A system that tackles video, speech, object, cognitive and context recognition, all at once. Given an image, say of Coca-Cola or of Pepsi brand, and an audio caption, the fizz of its bottle, the model is expected to highlight in real-time the relevant cognitive and contexts of the regions of the image being described.

Will Machine Recognize the Difference?

Unlike current language technologies, the model doesn’t require manual transcriptions and annotations of the examples it’s trained on. Instead, it learns words directly from recorded speech clips and objects in raw images, and associates them with one another. However, this requires transcriptions of many thousands of hours of speech recordings. Using feedback data, the systems learn to map speech signals with specific words. Such an approach becomes especially problematic when, say, new terms enter our lexicon, and the systems must be retrained.

We combined speech-object recognition technique save countless hours of manual labor and open new doors in speech and image recognition. We got the idea of training a model in a manner similar to walking a child through the world and narrating what you’re seeing.

We compiled thousands of images, videos and audio captions, of only Coca-Cola and Pepsi, in hundreds of different context categories, such as beaches, shopping malls, city streets, summer time, winter time, Christmas time, games, sports, friends food, indoor, outdoor, etc. bedrooms. The models on images of Coca-Cola with red hair band and blue eyes, wearing a blue and red dress (Pepsi color), Pepsi with a white lighthouse with a red roof in the background, etc.. The model learned to associate which pixels in the image corresponded with the words “Coke” or Coca-Cola,” “Refreshing,” “Pepsi,” “Music,” “Pepsi with Pizza,” and “Coke in red roof.” When an audio caption was narrated, the model then highlighted each of those objects in the image as they were described.
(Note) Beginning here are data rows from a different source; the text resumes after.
End EmpiricalProjection.
Theorem proposition6 (R : realType) (d : measure_display) (Omega : measurableType d)
  (P : probability Omega R) (q : nat) (X : 'I_q -> Omega -> R)
  (f : 'I_q -> R -> R) (qs : nat) (eps' : R)
  (c : R) (p : 'I_q -> R -> R) (alpha K C : 'I_q -> R) (m : 'I_q -> nat)
  (c' delta : R) (J : {set 'I_q})
  (n : nat) (xs : 'I_n -> 'I_q -> R) (g : 'I_q -> R -> R) :
  (* the model *)
  (0 < q)%N ->
  (forall j, measurable_fun [set: Omega]%classic (X j)) ->
  (forall j, inH P X j (f j)) ->
  (#|J0 P X f| <= qs)%N ->
  (* Assumption 1 *)
  rho P X qs < 1 ->
  (* epsilon'_{q*} *)
  0 < eps' ->
  (forall (J' : {set 'I_q}) (h : 'I_q -> R -> R), (#|J'| <= qs)%N ->
     (forall j, j \in J' -> inH P X j (h j)) ->
     sqn P X (fsum h J') <= (1 + eps') * \sum_(j in J') sqn P X (liftj j (h j))) ->
  (* Assumption 2 *)
  0 < c ->
  (forall j w, 0 <= X j w <= 1) ->
  (forall j, measurable_fun [set: R]%classic (p j)) ->
  (forall j (x : R), 0 <= x <= 1 -> c <= p j x <= 1 / c) ->
  (forall j (A : set R), measurable A ->
     P (X j @^-1` A)%classic =
     (\int[lebesgue_measure]_(x in (A `&` I01)%classic) (p j x)%:E)%E) ->
  (forall j, 1 / 2 < alpha j) ->
  (forall j, 0 < K j) ->
  (forall j, Wtilde (alpha j) (K j) (f j)) ->
  (* the approximation constants C_j *)
  (forall j, 0 < C j) ->
  (forall j (mm : nat) (h gg : R -> R), (1 <= mm)%N ->
     Wtilde (alpha j) (K j) h -> inH P X j h -> is_projV P X j mm h gg ->
     sqn P X (liftj j (fun x => h x - gg x))
       <= C j * K j ^+ 2 * (mm%:R) `^ (- (2 * alpha j)) /\
     (forall x : R, 0 <= x <= 1 ->
        (h x - gg x) ^+ 2 <= C j * K j ^+ 2 * (mm%:R) `^ (1 - 2 * alpha j))) ->
  (* the remaining hypotheses *)
  J0 P X f != finset.set0 ->
  0 < delta < 1 ->
  0 < c' < 1 ->
  (forall j, (m j)%:R >=
     (C j * K j ^+ 2 * qs%:R * (1 + eps')
        / (c' * (1 - rho P X qs ^+ 2) * kappa P X f)) `^ (1 / (2 * alpha j))) ->
  2 / 3 * (1 - Num.sqrt c') ^+ 2 - 8 * ((1 + delta) / (1 - delta) ^+ 2) * c' >= 1 / 2 ->
  (#|J| <= qs)%N ->
  J0 P X f :\: J != finset.set0 ->
  (* the sample and the event E_{delta, J u J0} /\ A *)
  (0 < n)%N ->
  (forall i j, 0 <= xs i j <= 1) ->
  eventE P X xs delta m (J :|: J0 P X f) ->
  (forall j, j \in J0 P X f -> is_projV P X j (m j) (f j) (g j)) ->
  esqn xs (fun x => fsum f [set: 'I_q]%SET x - fsum g (J0 P X f) x)
    <= 2 * c' * (1 - rho P X qs ^+ 2) * kappa P X f ->
  (* conclusion *)
  forall u0 u : 'I_n -> R,
    is_eproj (SJ P X xs m (J0 P X f)) (fun i => fsum f [set: 'I_q]%SET (xs i)) u0 ->
    is_eproj (SJ P X xs m J) (fun i => fsum f [set: 'I_q]%SET (xs i)) u ->
    vsqn u0 - vsqn u >=
      1 / 2 * ((1 - delta) ^+ 2 / (1 + delta)) * (1 - rho P X qs ^+ 2)
        * kappa_l P X f #|J0 P X f :\: J|.
Proof.
move=> _ mX Hf cJ0 _ eps0 RIP _ _ _ _ _ alpha_gt K_gt0 HW C_gt0 approx J0n delta01 /andP[c0 c1]
  condL condC cJ J1n _ _ HE Hproj HA u0 u Hu0 Hu.
set J1 := J0 P X f :\: J.
have gV j : j \in J0 P X f -> inV P X j (m j) (g j) by case/Hproj.
have Sw : SJ P X xs m (J0 P X f) (fun i => fsum g (J0 P X f) (xs i)).
  by exists (fsum g (J0 P X f)); split => //; exists g.
apply: le_trans (vsqn_eproj_gap_ge Hu0 Hu Sw).
have Yw : vsqn (fun i => fsum f [set: 'I_q]%SET (xs i) - fsum g (J0 P X f) (xs i))
    <= 2 * c' * (1 - rho P X qs ^+ 2) * kappa P X f := HA.
have emp := vsqn_fsum_subr_ge mX (ltW (andP delta01).2) cJ0 cJ gV HE Hu.1.
rewrite -/J1 in emp.
(* Assumption 1 only bounds rho from above; for rho^2 >= 1 both sides are trivially signed. *)
have [rho_le|rho_gap] := lerP (1 - rho P X qs ^+ 2) 0.
  exact: conditionC_bound_degenerate delta01 c0 rho_le (kappa_ge0 P X f)
    (kappa_l_ge0 P X f _) (vsqn_ge0 _) Yw.
have kap_gt0 := kappa_gt0 mX Hf cJ0 rho_gap J0n.
have sJ1 : J1 \subset J0 P X f := subsetDl _ _.
have gH j : j \in J1 -> inH P X j (g j) by move/(fintype.subsetP sJ1)/gV => [].
have A_ge : (1 - Num.sqrt c') ^+ 2 * kappa_l P X f #|J1| <= sqn P X (fsum g J1).
  apply: (sqn_fsum_proj_ge mX (a := fun j => C j * K j ^+ 2) (e := fun j => 2 * alpha j)
    sJ1 J1n (leq_trans (subset_leq_card sJ1) cJ0) eps0 _ rho_gap kap_gt0 RIP _ _
    (fun j _ => condL j) _ (fun j _ => Hf j) gH).
  - by rewrite c0 ltW.
  - by move=> j _; rewrite mulr_gt0 ?exprn_gt0 ?C_gt0 ?K_gt0.
  - by move=> j _; have := alpha_gt j; lra.
  - move=> j /(fintype.subsetP sJ1) jJ0 m_ge1.
    exact: (approx j (m j) (f j) (g j) m_ge1 (HW j) (Hf j) (Hproj j jJ0)).1.
have kap_bounds : 0 <= kappa P X f <= kappa_l P X f #|J1|.
  by rewrite ltW //= kappa_le_kappa_l.
exact: conditionC_bound delta01 c0 rho_gap kap_bounds condC A_ge emp Yw.
Qed.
The highest layer of the model computes outputs of the two networks and maps the speech patterns with image data.

We ran the model with caption A and image A, and caption B and image B which are correct. Then, we ran it a random combinations of caption B with image A, and caption A with image B which are incorrect pairings through our cognitive framework. After learning thousands of trade-offs and options, the model learns the speech signals corresponding with image signals, and associates those signals with words in the captions. 

Our intent is to design a cross-modal [audio-visual-cognitive-context] alignments that can be inferred automatically by simply teaching the network which images and captions in what context belong together and which preferential attachments don’t.

Our other intent is to minimize latency as well as resources without any loss in quality in projection so that we can use the model in both online and offline contexts as in natural selections.

Multi-modal knowledge representation learning is to eliminate the redundancy between modes by utilizing the complementarity between modes and improve the recognition rate. Our SCANN architecture in cognitive frameworkbased on audio command recognition, video and hand motion recognition, cognitive states and expected states of the target and contexts was configured to process the instructions of each single-mode input, and then detects the correctness of the recognition command through choice and reward functions in monadic and paired-comparison.

Finally, the obtained results are merged and output instructions. The model is to compare the obtained recognition results twice and then to fuse. Firstly, the keywords of video and gesture recognition are retrieved in speech recognition. Secondly, the audio recognition is processed by word segmentation, and then the word segmentation results were compared with the keywords of video and gesture recognition. Finally, the two comparison results were fused to obtain the final command, which improved the accuracy of identification.